Note also that PASTA is a lot looser definitionally than the AGI defined in Metaculus' When will the first general AI system be devised, tested, and publicly announced? (2031 as of time of writing), which requires the sort of properties Chollet would probably approve (single unified software system, not a cobbled-together set of task-specialized subsystems), yet if the PASTA collective functionally completes the innovation -> resources -> PASTA -> innovation -> ... economic growth loop, that would already be x-risk relevant. The argument would then need to be "something like the Chollet's / Metaculus' definition is necessary to complete the growth loop", which would be a testable hypothesis.

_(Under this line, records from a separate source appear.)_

(* Up to the terms p T_x, which h and R_h both add (for x <> e) and which
   therefore cancel, (h - R_h) eta at x is the sum of eta over the left
   neighbours s x minus the sum over the right neighbours x s.  Choose a letter c such that Z = v c w is reduced (L >= 3 leaves a
   choice) and let Y_0, ..., Y_n be the subwords of Z of length n + 1, n = |v|.
   For reduced Y, the operator sends the indicator of Y to
   [behead Y] - [belast Y] plus a defect on words of length |Y| + 1; adding the
   indicators of the words a Y b with |a| = |b| = k, with weights
   -(1 - k/(N+1)) (L-1)^-k, pushes the defect outwards until, for k <= N, only
   defects of size ((N+1) (L-1)^k)^-1 on words of length |Y| + 2k + 1 remain.
   There are at most L (L-1)^(|Y|+2k+1) such words, so the remaining error has
   squared norm O(1/N), while the main terms telescope over i to e_v - e_w. *)

From mathcomp Require Import all_boot all_order all_algebra.
From mathcomp Require Import complex.
From mathcomp Require Import reals.
From mathcomp Require Import zify ring.
Set Implicit Arguments. Unset Strict Implicit. Unset Printing Implicit Defensive.
Import Order.TTheory GRing.Theory Num.Theory.
Local Open Scope ring_scope.

Lemma take_size_cons (T : Type) (y : T) (Y : seq T) :
  take (size Y) (y :: Y) = belast y Y.
Proof. by elim: Y y => //= b Y IH y; rewrite IH. Qed.

Section Words.
Variable L : nat.
Implicit Types (x z Y : seq 'I_L) (a s : 'I_L).

Definition occurs_at Y k z : bool := take (size Y) (drop k z) == Y.

Lemma occurs_atS Y k a z : occurs_at Y k.+1 (a :: z) = occurs_at Y k z.
Proof. by []. Qed.

Lemma occurs_at_rcons Y k z a : (k + size Y <= size z)%N ->
  occurs_at Y k (rcons z a) = occurs_at Y k z.
Proof.
move=> hz; rewrite /occurs_at drop_rcons; last by lia.
by rewrite -cats1 takel_cat // size_drop; lia.
Qed.

Lemma occurs_at_belast Y k a z : (k + size Y <= size z)%N ->
  occurs_at Y k (belast a z) = occurs_at Y k (a :: z).
Proof. by move=> hz; rewrite [a :: z]lastI occurs_at_rcons // size_belast. Qed.

Lemma occurs_at0 Y z : size z = size Y -> occurs_at Y 0 z = (z == Y).
Proof. by move=> hz; rewrite /occurs_at drop0 -hz take_size. Qed.

Section Sums.
Variable V : nmodType.
Implicit Type f : seq 'I_L -> V.

Lemma sum_lmul_cons f a x :
  \sum_(s < L) f (lmul_seq s (a :: x)) = f x + \sum_(s < L | s != a) f (s :: a :: x).
Proof.
rewrite (bigD1 a) //= eqxx; congr (_ + _); apply: eq_bigr => s hs.
by rewrite eq_sym (negbTE hs).
Qed.

Lemma sum_rmul_cons f a x :
  \sum_(s < L) f (rmul_seq (a :: x) s) =
  f (belast a x) + \sum_(s < L | s != last a x) f (rcons (a :: x) s).
Proof.
rewrite (bigD1 (last a x)) //= eqxx; congr (_ + _); apply: eq_bigr => s hs.
by rewrite eq_sym (negbTE hs).
Qed.

End Sums.
End Words.

Section Commutator.
Variables (R : comNzRingType) (L : nat).
Implicit Types (x z Y : seq 'I_L) (a s : 'I_L) (f : seq 'I_L -> R).

Definition ad_h f x : R :=
  \sum_(s < L) f (lmul_seq s x) - \sum_(s < L) f (rmul_seq x s).

Lemma ad_h_nil f : ad_h f [::] = 0.
Proof. exact: subrr. Qed.

Lemma ad_h_cons f a x : ad_h f (a :: x) =
  f x - f (belast a x) +
  (\sum_(s < L | s != a) f (s :: a :: x) - \sum_(s < L | s != last a x) f (rcons (a :: x) s)).
Proof. by rewrite /ad_h sum_lmul_cons sum_rmul_cons; ring. Qed.

Lemma ad_h_sum n (F : 'I_n -> seq 'I_L -> R) x :
  ad_h (fun z => \sum_(i < n) F i z) x = \sum_(i < n) ad_h (F i) x.
Proof. by rewrite /ad_h sumrB; congr (_ - _); apply: exchange_big. Qed.

Lemma ad_hZ c f x : ad_h (fun z => c * f z) x = c * ad_h f x.
Proof. by rewrite /ad_h mulrBr !mulr_sumr. Qed.

Lemma sumr_const_neq a (c : R) : \sum_(s < L | s != a) c = L.-1%:R * c.
Proof.
rewrite (eq_bigl (fun s => s \in predC1 a)) // sumr_const cardC1 card_ord.
by rewrite mulr_natl.
Qed.

Lemma sum_cons_eq Y a x : reduced Y ->
  \sum_(s < L | s != a) (s :: a :: x == Y)%:R = (a :: x == behead Y)%:R :> R.
Proof.
case: Y => [|y Y] redY /=; first by rewrite big1.
have [eY | neq] := eqVneq Y (a :: x); last first.
  by rewrite big1 // => s _; rewrite eqseq_cons [_ == Y]eq_sym (negbTE neq) andbF.
have ya : y != a by move: redY; rewrite eY => /andP[].
rewrite (bigD1 y) //= eY !eqxx big1 ?addr0 // => s /andP[_ sy].
by rewrite eqseq_cons (negbTE sy).
Qed.

Lemma sum_rcons_eq Y a x : reduced Y ->
  \sum_(s < L | s != last a x) (rcons (a :: x) s == Y)%:R =
  (a :: x == take (size Y).-1 Y)%:R :> R.
Proof.
case: Y => [|y Y] redY; first by rewrite big1 // => s _; rewrite -cats1.
rewrite -[(size (y :: Y)).-1]/(size Y) take_size_cons [y :: Y]lastI.
have [ex | neq] := eqVneq (a :: x) (belast y Y); last first.
  by rewrite big1 // => s _; rewrite eqseq_rcons (negbTE neq).
have xy : last a x != last y Y.
  by move: redY; rewrite /reduced [y :: Y]lastI -ex /= rcons_path => /andP[_].
rewrite (bigD1 (last y Y)) 1?eq_sym // -ex eqxx big1 => [|s /andP[_ sy]].
  by rewrite /= addr0.
by rewrite eqseq_rcons (negbTE sy) andbF.
Qed.

Definition centered Y k z : R :=
  (size z == size Y + k.*2)%N%:R * (occurs_at Y k z)%:R.

Definition shift_defect Y m z : R :=
  (size z == (size Y + m.*2).+1)%N%:R * ((occurs_at Y m.+1 z)%:R - (occurs_at Y m z)%:R).

Definition end_defect Y z : R := (z == behead Y)%:R - (z == take (size Y).-1 Y)%:R.

Lemma shift_defect_nil Y m : shift_defect Y m [::] = 0.
Proof. by rewrite /shift_defect mul0r. Qed.

Lemma end_defect_nil Y : end_defect Y [::] = 0.
Proof. by case: Y => [|y [|y' Y]]; rewrite /end_defect /= ?subrr. Qed.

Lemma centered0 Y z : centered Y 0 z = (z == Y)%:R.
Proof.
rewrite /centered double0 addn0; have [hz | hz] := eqVneq (size z) (size Y).
  by rewrite occurs_at0 // mul1r.
by rewrite mul0r; case: eqP => // ezY; rewrite ezY eqxx in hz.
Qed.

Lemma centered_sub_belast Y k a x :
  centered Y k x - centered Y k (belast a x) = shift_defect Y k (a :: x).
Proof.
rewrite /centered /shift_defect size_belast /= eqSS occurs_atS.
have [hx | _] := eqVneq (size x) (size Y + k.*2); last by rewrite !mul0r subrr.
by rewrite occurs_at_belast; [ring | lia].
Qed.

Lemma sum_centered0 Y a x : reduced Y ->
  \sum_(s < L | s != a) centered Y 0 (s :: a :: x) -
  \sum_(s < L | s != last a x) centered Y 0 (rcons (a :: x) s) = end_defect Y (a :: x).
Proof.
move=> redY; under eq_bigr do rewrite centered0.
by under [X in _ - X]eq_bigr do rewrite centered0; rewrite sum_cons_eq ?sum_rcons_eq.
Qed.

Lemma sum_centeredS Y k a x :
  \sum_(s < L | s != a) centered Y k.+1 (s :: a :: x) -
  \sum_(s < L | s != last a x) centered Y k.+1 (rcons (a :: x) s) =
  - (L.-1%:R * shift_defect Y k (a :: x)).
Proof.
set b := ((size (a :: x)).+1 == size Y + k.+1.*2)%N.
rewrite (eq_bigr (fun=> b%:R * (occurs_at Y k (a :: x))%:R)) // sumr_const_neq.
rewrite (eq_bigr (fun=> b%:R * (occurs_at Y k.+1 (a :: x))%:R)) => [|s _]; last first.
  rewrite /centered size_rcons -/b; have [hb|] := boolP b; last by rewrite !mul0r.
  by rewrite occurs_at_rcons //; move/eqP: hb; rewrite doubleS; lia.
rewrite sumr_const_neq /shift_defect /b doubleS !addnS eqSS; ring.
Qed.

AMF does. Quoting Rob Mathers' (AMF CEO) recent post, emphasis mine:

Many recognise the impact of AMF’s work, yet we still have significant immediate funding gaps that are over US$300m. ...

There is already a significant shortfall in funding for malaria control activities, including for net distribution programmes so miraculous things will have to happen in the coming year if we are to get anywhere close, globally and across all funding partners, to where we need to be to be able to drive malaria impact numbers down. Counterfactually of course, if the funding that is being brought to bear was not there, the number of people affected by malaria would be horrifically higher. Currently there are ~620,000 deaths a year from malaria and 250 million people fall sick. 

The Global Fund is the world’s largest funder of malaria control activities and has a funding replenishment round every three years, with funding provided by global governments, that determines the funds it has available across three disease areas: HIV/Aids, malaria and TB. The target for the 2024 to 2026 period was raising US$18 billion, largely to stand still. The funding achieved was US$15.7 billion. The shortfall will have major ramifications and we are already seeing the impact in planning in the Democratic Republic of Congo, one of the two countries in the world worst affected by malaria, for the 2024 to 2026 programme. Currently only 65% of the nets desperately needed will be able to be funded. We have never had this low a percentage of funding at this stage, with limited additional funding forecast.

The latest actual publicly-available RFMF figure I can find for AMF, and the other top GW charities, is here from Q3 2020, which is probably what you're referring to in the OP by "It's hard to find up-to-date data"; back then it was just $37.8M, nearly an order of mag lower, although I'm not sure whether Rob's and GiveWell's RFMF figures are like for like.

The justifications for these grants tend to use some simple expected value calculation of a singular rosy hypothetical casual chain. The problem is it's possible to construct a hypothetical value chain to justify any sort of grant. So you have to do more than just make a rosy casual chain and multiply numbers through.

Worth noting that even GiveWell doesn't rely on a single EV calculation either (however complex). Quoting Holden's 10 year old writeup Sequence thinking vs. cluster thinking:

Our approach to making such comparisons strikes some as highly counterintuitive, and noticeably different from that of other “prioritization” projects such as Copenhagen Consensus. Rather than focusing on a single metric that all “good accomplished” can be converted into (an approach that has obvious advantages when one’s goal is to maximize), we tend to rate options based on a variety of criteria using something somewhat closer to (while distinct from) a “1=poor, 5=excellent” scale, and prioritize options that score well on multiple criteria.

We often take approaches that effectively limit the weight carried by any one criterion, even though, in theory, strong enough performance on an important enough dimension ought to be able to offset any amount of weakness on other dimensions. 

... I think the cost-effectiveness analysis we’ve done of top charities has probably added more value in terms of “causing us to reflect on our views, clarify our views and debate our views, thereby highlighting new key questions” than in terms of “marking some top charities as more cost-effective than others.”